Back to Barth. Right off the bat, at the very beginning of Einführung in die evangelische Theologie, he offends me by making a very familiar assertion: that everyone has a God or gods and that therefore everyone is a theologian. Over and over again in "modern," "enlightened" Christianity there's this attempt to drag everyone down to their level. Is this sort of thing familiar to me because the contemporary theologians I know are all, directly or indirectly, influenced by Barth? Or does Barth merely swim in the same putrid stream as they? What about apes, Karl? Are they all theologians too? And dogs and cats?

I don't want to assume things and then believe them -- I'll leave that to Barth and his ilk -- but I wonder whether Barth would entertain for a moment my question about apes and cats and dogs and whether they, too, are all theologians.
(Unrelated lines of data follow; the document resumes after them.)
(* In the setting below, for all $r>0$ and all $m\in\mathbb{N}$: $$\mathbb{E}\big[\mathbb{I}_{B_r}(X^x_m)|\eta(X^x_m)-\eta(x)|\big]\le m\,\mathbb{E}\big[\mathbb{I}_{B_r}(X)|\eta(X)-\eta(x)|\big],$$ $$\mathbb{E}\big[\mathbb{I}_{S_r}(X^x_m)|\eta(X^x_m)-\eta(x)|\big]\le 2\|\eta\|_\infty\, m\,\mathbb{P}_X(S_r)\exp\big(-(m-1)\mathbb{P}_X(B_r)\big),$$ $$\mathbb{E}\big[\mathbb{I}_{\mathcal{X}\setminus\bar B_r}(X^x_m)|\eta(X^x_m)-\eta(x)|\big]\le 2\|\eta\|_\infty\exp\big(-m\,\mathbb{P}_X(\bar B_r)\big).$$
   Context: Let $(\mathcal{X},d)$ be a metric space with its Borel $\sigma$-algebra, let $(\Omega,\mathcal{F},\mathbb{P})$ be a probability space, and let $X,X_1,X_2,\dots$ be i.i.d. $\mathcal{X}$-valued random variables with common law $\mathbb{P}_X$. For $x\in\mathcal{X}$ and $r>0$ write $B_r=\{x':d(x,x')<r\}$, $\bar B_r=\{x':d(x,x')\le r\}$ and $S_r=\{x':d(x,x')=r\}$. The support of $\mathbb{P}_X$ is the set of $x$ such that $\mathbb{P}_X(\bar B_r(x))>0$ for all $r>0$. Fix $x$ in the support of $\mathbb{P}_X$ and a bounded measurable $\eta:\mathcal{X}\to\mathbb{R}$, with $\|\eta\|_\infty$ its supremum norm. For each $m\in\mathbb{N}$, a nearest neighbor of $x$ among $X_1,\dots,X_m$ is a measurable $X^x_m:\Omega\to\mathcal{X}$ with $X^x_m(\omega)\in\arg\min_{x'\in\{X_1(\omega),\dots,X_m(\omega)\}}d(x,x')$ for every $\omega\in\Omega$; fix such a sequence $(X^x_m)_{m\in\mathbb{N}}$. *)

From HB Require Import structures.
From mathcomp Require Import all_boot all_order all_algebra.
From mathcomp Require Import all_classical all_reals all_analysis.
Set Implicit Arguments. Unset Strict Implicit. Unset Printing Implicit Defensive.
Import Order.TTheory GRing.Theory Num.Theory.
Local Open Scope classical_set_scope.
Local Open Scope ring_scope.

Section Defs.
Context {R : realType} {T : Type}.
Variable dist : T -> T -> R.

Definition is_metric : Prop :=
  (forall x y, dist x y = 0 <-> x = y) /\
  (forall x y, dist x y = dist y x) /\
  (forall x y z, dist x z <= dist x y + dist y z).

Definition metric_open (A : set T) : Prop :=
  forall y, A y -> exists2 e : R, 0 < e & [set z | dist y z < e] `<=` A.

Definition oball (x : T) (r : R) : set T := [set y | dist x y < r].
Definition cball (x : T) (r : R) : set T := [set y | dist x y <= r].
Definition sphere (x : T) (r : R) : set T := [set y | dist x y = r].
End Defs.

Definition supnorm {R : realType} {T : Type} (f : T -> R) : R :=
  sup (range (fun y => `|f y|)).

Definition mutually_independent {R : realType} {dO dT : measure_display}
  {O : measurableType dO} {T : measurableType dT}
  (P : probability O R) (Y : nat -> O -> T) : Prop :=
  forall (s : seq nat), uniq s ->
  forall A : nat -> set T, (forall i, measurable (A i)) ->
    P (\bigcap_(i in [set` s]) (Y i @^-1` A i)) =
    (\prod_(i <- s) P (Y i @^-1` A i))%E.

Definition identically_distributed {R : realType} {dO dT : measure_display}
  {O : measurableType dO} {T : measurableType dT}
  (P : probability O R) (Y : nat -> O -> T) : Prop :=
  forall i (A : set T), measurable A -> P (Y i @^-1` A) = P (Y 0%N @^-1` A).

From HB Require Import structures.
From mathcomp Require Import all_boot all_order all_algebra.
From mathcomp Require Import all_classical all_reals all_analysis.
From mathcomp Require Import lra measurable_realfun.
Set Implicit Arguments. Unset Strict Implicit. Unset Printing Implicit Defensive.
Import Order.TTheory GRing.Theory Num.Theory.
Local Open Scope classical_set_scope.
Local Open Scope ring_scope.

(* Write  f_A(y) = 1_A(y) |eta y - eta x|  and  X = Y 0,
   X_i = Y i.  The three bounds are of two kinds.
   - Inside the open ball the nearest neighbor is one of X_1..X_m, so
     f_B(X^x_m) <= sum_i f_B(X_i) pointwise; integrating and using that the
     X_i all have the law of X gives the factor m (no independence needed).
   - On the sphere and outside the closed ball we only use the bound
     f_A <= 2 ||eta||, and control the probability of the event on which the
     nearest neighbor lies in A: if it lies outside the closed ball then so do
     all X_i, an event of probability (1 - P(X in cball))^m; if it is X_i and
     lies on the sphere, then X_i is on the sphere and every X_j is outside
     the open ball, an event of probability P(X in S)(1 - P(X in B))^(m-1).
     Independence turns these probabilities into products, and
     (1 - p)^n <= exp(-n p) finishes. *)

Section MetricSets.
Context (R : realType) (dT : measure_display) (T : measurableType dT).
Variable dist : T -> T -> R.
Hypothesis dist_metric : is_metric dist.
Hypothesis measurable_borel : @measurable _ T = <<s metric_open dist >>.

Lemma oball_open (x : T) (r : R) : metric_open dist (oball dist x r).
Proof.
have [_ [_ tri]] := dist_metric.
move=> y /= xy_r; exists (r - dist x y); first by rewrite subr_gt0.
by move=> z /= yz; have := tri x y z; rewrite /oball /=; lra.
Qed.

Lemma cball_complement_open (x : T) (r : R) :
  metric_open dist (~` cball dist x r).
Proof.
have [_ [sym tri]] := dist_metric.
move=> y /= /negP; rewrite -ltNge => r_xy.
exists (dist x y - r); first by rewrite subr_gt0.
move=> z /= yz; have := tri x z y; rewrite (sym z y) /cball /= => tri_xzy.
by apply/negP; rewrite -ltNge; lra.
Qed.

Lemma measurable_oball (x : T) (r : R) : measurable (oball dist x r).
Proof. by rewrite measurable_borel; apply: sub_sigma_algebra; exact: oball_open. Qed.

Lemma measurable_cball (x : T) (r : R) : measurable (cball dist x r).
Proof.
rewrite -(setCK (cball _ _ _)); apply: measurableC.
by rewrite measurable_borel; apply: sub_sigma_algebra; exact: cball_complement_open.
Qed.

Lemma measurable_sphere (x : T) (r : R) : measurable (sphere dist x r).
Proof.
have -> : sphere dist x r = cball dist x r `&` ~` oball dist x r.
  apply/seteqP; split => y; rewrite /sphere /cball /oball /=.
    by move=> ->; rewrite ltxx.
  by move=> [le_r /negP]; rewrite -leNgt => ge_r; apply/eqP; rewrite eq_le le_r.
by apply: measurableI; [exact: measurable_cball | apply/measurableC/measurable_oball].
Qed.

End MetricSets.

Lemma prod_one_distinguished (R : comPzSemiRingType) (s : seq nat) (i : nat) (a b : R) :
  uniq s -> i \in s ->
  \prod_(j <- s) (if j == i then a else b) = a * b ^+ (size s).-1.
Proof.
move=> s_uniq i_s; rewrite (bigD1_seq i) //= eqxx; congr (_ * _).
rewrite (eq_bigr (fun=> b)); last by move=> j /negbTE ->.
rewrite big_const_seq iter_mulr_1; congr (_ ^+ _).
have := count_predC (pred1 i) s; rewrite (count_uniq_mem _ s_uniq) i_s.
by move=> <-.
Qed.

Section IIDFamily.
Context (R : realType) (dO dT : measure_display).
Context (O : measurableType dO) (T : measurableType dT).
Variables (P : probability O R) (Y : nat -> O -> T).
Hypothesis measurable_Y : forall i, measurable_fun setT (Y i).

Lemma measurable_preimage i (A : set T) : measurable A -> measurable (Y i @^-1` A).
Proof. by move=> mA; rewrite -[X in measurable X]setTI; exact: measurable_Y. Qed.

(* Probabilities are finite, so they may be handled as reals through fine. *)
Lemma preimage_prob_fine i (A : set T) : measurable A ->
  P (Y i @^-1` A) = (fine (P (Y i @^-1` A)))%:E.
Proof. by move=> mA; rewrite fineK // fin_num_measure //; exact: measurable_preimage. Qed.

Lemma preimage_prob_01 i (A : set T) : measurable A ->
  0 <= fine (P (Y i @^-1` A)) <= 1.
Proof.
move=> mA; rewrite fine_ge0 //=.
by have := probability_le1 P (measurable_preimage i mA); rewrite preimage_prob_fine.
Qed.

Lemma preimage_prob_setC i (A : set T) : measurable A ->
  fine (P (Y i @^-1` ~` A)) = 1 - fine (P (Y i @^-1` A)).
Proof.
move=> mA; rewrite preimage_setC probability_setC; last exact: measurable_preimage.
by rewrite (preimage_prob_fine i mA).
Qed.

Hypothesis Y_ident : identically_distributed P Y.

Lemma integral_ident_distr (g : T -> R) i : measurable_fun setT g ->
  (forall y, 0 <= g y) ->
  (\int[P]_w (g (Y i w))%:E = \int[P]_w (g (Y 0%N w))%:E)%E.
Proof.
move=> mg g_ge0.
have to_law j : (\int[P]_w (g (Y j w))%:E = \int[pushforward P (Y j)]_y (g y)%:E)%E.
  rewrite (ge0_integral_pushforward (measurable_Y j)) ?preimage_setT //.
    exact/measurable_EFinP.
  by move=> y _; rewrite lee_fin.
by rewrite !to_law; apply: eq_measure_integral => A mA _ /=; exact: Y_ident.
Qed.

(* A random variable that always equals one of Y 1, ..., Y m: its nonnegative
   functionals have expectation at most m times that of Y 0, since
   g (N w) <= sum_i g (Y i w) pointwise. *)
Lemma integral_selection_le (g : T -> R) (N : O -> T) (m : nat) :
  measurable_fun setT g -> (forall y, 0 <= g y) -> measurable_fun setT N ->
  (forall w, exists2 i : nat, (1 <= i <= m)%N & N w = Y i w) ->
  (\int[P]_w (g (N w))%:E <= m%:R%:E * \int[P]_w (g (Y 0%N w))%:E)%E.
Proof.
move=> mg g_ge0 mN N_sel.
have mgY i : measurable_fun setT (fun w => (g (Y i w))%:E).
  by apply/measurable_EFinP; exact: measurableT_comp mg (measurable_Y i).
apply: (@le_trans _ _ (\int[P]_w (\sum_(i <- iota 1 m) (g (Y i w))%:E))%E).
  apply: ge0_le_integral => //.
  - by move=> w _; rewrite lee_fin.
  - by apply/measurable_EFinP; exact: measurableT_comp mg mN.
  - exact: emeasurable_sum.
  move=> w _; have [i i_range ->] := N_sel w.
  rewrite sumEFin lee_fin (bigD1_seq i) ?iota_uniq ?mem_iota ?add1n ?ltnS //=.
  by rewrite lerDl sumr_ge0.
rewrite ge0_integral_sum //; last by move=> i w _; rewrite lee_fin.
rewrite (eq_bigr _ (fun i _ => integral_ident_distr i mg g_ge0)).
by rewrite big_const_seq count_predT size_iota iter_addr_0 mule_natl.
Qed.

Hypothesis Y_indep : mutually_independent P Y.

Lemma prob_bigcap_preimage (A : nat -> set T) (s : seq nat) :
  (forall i, measurable (A i)) -> uniq s ->
  P (\bigcap_(i in [set` s]) (Y i @^-1` A i)) =
  (\prod_(i <- s) fine (P (Y 0%N @^-1` A i)))%:E.
Proof.
move=> mA s_uniq; rewrite Y_indep // -prodEFin; apply: eq_bigr => i _.
by rewrite Y_ident // -preimage_prob_fine.
Qed.

Lemma prob_all_in (C : set T) (s : seq nat) : measurable C -> uniq s ->
  fine (P (\bigcap_(j in [set` s]) (Y j @^-1` C))) = fine (P (Y 0%N @^-1` C)) ^+ size s.
Proof.
move=> mC s_uniq; rewrite (prob_bigcap_preimage (fun=> mC)) //=.
by rewrite big_const_seq count_predT iter_mulr_1.
Qed.

Lemma prob_one_in_rest_in (S C : set T) (s : seq nat) (i : nat) :
  measurable S -> measurable C -> uniq s -> i \in s ->
  fine (P (\bigcap_(j in [set` s]) (Y j @^-1` (if j == i then S else C)))) =
  fine (P (Y 0%N @^-1` S)) * fine (P (Y 0%N @^-1` C)) ^+ (size s).-1.
Proof.
move=> mS mC s_uniq i_s.
have mA j : measurable (if j == i then S else C) by case: (j == i).
rewrite (prob_bigcap_preimage mA) //= -(prod_one_distinguished _ _ s_uniq i_s).
by apply: eq_bigr => j _; case: (j == i).
Qed.

End IIDFamily.

(* (1 - p)^n <= exp(-n p), from 1 - p <= exp(-p). *)
Lemma pow_le_expR (R : realType) (p : R) (n : nat) : 0 <= p <= 1 ->
  (1 - p) ^+ n <= expR (- (n%:R * p)).
Proof.
move=> /andP[p_ge0 p_le1]; rewrite -mulrN expRM_natl; apply: lerXn2r.
- by rewrite nnegrE subr_ge0.
- by rewrite nnegrE expR_ge0.
- by have := expR_ge1Dx (- p); lra.
Qed.

Lemma supnorm_ge {R : realType} {T : Type} {eta : T -> R} :
  (exists M : R, forall y, `|eta y| <= M) -> forall y, `|eta y| <= supnorm eta.
Proof.
move=> [M etaM] y; apply: ub_le_sup; last by exists y.
by exists M => _ [z _ <-]; exact: etaM.
Qed.

Lemma supnorm_ge0 {R : realType} {T : Type} {eta : T -> R} (x : T) :
  (exists M : R, forall y, `|eta y| <= M) -> 0 <= supnorm eta.
Proof. by move=> eta_bdd; apply: le_trans (supnorm_ge eta_bdd x). Qed.

Lemma supnorm_diff {R : realType} {T : Type} {eta : T -> R} :
  (exists M : R, forall y, `|eta y| <= M) ->
  forall a b, `|eta a - eta b| <= 2 * supnorm eta.
Proof.
move=> eta_bdd a b; have := ler_normB (eta a) (eta b).
by have := supnorm_ge eta_bdd a; have := supnorm_ge eta_bdd b; lra.
Qed.

Lemma integral_le_sum_indic (R : realType) (d : measure_display)
    (O : measurableType d) (P : probability O R) (I : Type) (s : seq I)
    (E : I -> set O) (f : O -> R) (c : R) :
  measurable_fun setT f -> (forall w, 0 <= f w) -> (forall i, measurable (E i)) ->
  0 <= c -> (forall w, f w <= c * \sum_(i <- s) \1_(E i) w) ->
  (\int[P]_w (f w)%:E <= (c * \sum_(i <- s) fine (P (E i)))%:E)%E.
Proof.
move=> mf f_ge0 mE c_ge0 f_le.
have mind i : measurable_fun setT (fun w => (\1_(E i) w)%:E).
  by apply/measurable_EFinP; exact: measurable_indic.
apply: (@le_trans _ _ (\int[P]_w (c%:E * \sum_(i <- s) (\1_(E i) w)%:E))%E).
  apply: ge0_le_integral => //.
  - by move=> w _; rewrite lee_fin.
  - exact/measurable_EFinP.
  - by apply: measurable_funeM; exact: emeasurable_sum.
  - by move=> w _; rewrite sumEFin -EFinM lee_fin.
rewrite ge0_integralZl //; last 2 first.
- exact: emeasurable_sum.
- by move=> w _; apply: sume_ge0 => i _; rewrite lee_fin.
have integral_E i : (\int[P]_w (\1_(E i) w)%:E = (fine (P (E i)))%:E)%E.
  by rewrite integral_indic // setIT fineK // fin_num_measure.
by rewrite ge0_integral_sum // EFinM -sumEFin (eq_bigr _ (fun i _ => integral_E i)).
Qed.

Section NearestPoint.
Context (R : realType) (T : Type) (dist : T -> T -> R).
Variables (x z : T) (y : nat -> T) (m : nat) (r : R).
Hypothesis z_nearest : forall i, (1 <= i <= m)%N -> dist x z <= dist x (y i).

Lemma nearest_outside_cball : ~ cball dist x r z ->
  forall i, (1 <= i <= m)%N -> ~ cball dist x r (y i).
Proof.
move=> z_out i i_range; rewrite /cball /= => yi_in.
by apply: z_out; apply: le_trans (z_nearest i_range) yi_in.
Qed.

Lemma nearest_on_sphere : sphere dist x r z ->
  forall i, (1 <= i <= m)%N -> ~ oball dist x r (y i).
Proof.
rewrite /sphere /oball /= => z_r i i_range.
by apply/negP; rewrite -leNgt -z_r; exact: z_nearest.
Qed.

End NearestPoint.

Definition local_error {R : realType} {T : Type} (eta : T -> R) (x : T)
  (A : set T) (y : T) : R := \1_A y * `|eta y - eta x|.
Most theologians, of course, would dismiss such a thought with a contemptuous snort, betraying that their image of mankind comes not from science, because of course science tells us that we share our DNA with other species, and they evolve just as we do (some of us anyway), but from the Genesis legend, which portrays man as a thing apart. (Unfortunately many biologists obviously still follow the Genesis legend rather than science inasmuch as they reject out of hand, in the face of ever-mounting evidence, the very possibility that animals may possess certain qualities and states of consciousness traditionally -- at least in the Judeo-Christian-Islamic tradition -- thought to belong to mankind alone.)

Barth says that "we" -- presumably "we humans" -- are all theologians, and then he loses me even more thoroughly by revealing that the theology he follows has all to do with the Bible and particularly with the Gospels, the Evangelium, that God Himself, the Creator of All, the Infinite, has expressed Himself most clearly in Bible, and in the Bible especially in the New Testament, and in the New Testament especially in the Gospels. (Note the complete contrast to pagan Roman piety or modern multiculturalism.) He wrote that in 1962, after centuries of textual criticism of the Old and New Testaments, after the discoveries of the Dead Sea Scrolls and the Nag Hammadi library and thousands of scraps of papyrii at Oxyrhynchus, and he is considered by many Christian theologians to still represent the state of the art of theology, and that's just about the most damning thing I can think of to say about Christian theology. So many books in this world, such a big world, so many discoveries piling up concerning the world around us and things long ago, and we can see so far and ever farther beyond this Earth into regions which make it look tiny indeed, and the man many Christian theologians call the greatest philosopher of the 20th century insisted that the key to understanding Everything is distilled into Matthew, Mark, Luke and John. It was a pretty silly notion when those four books were freshly written, and the more we learn the sillier, the more infuriatingly, arbitrarily narrow-minded it becomes.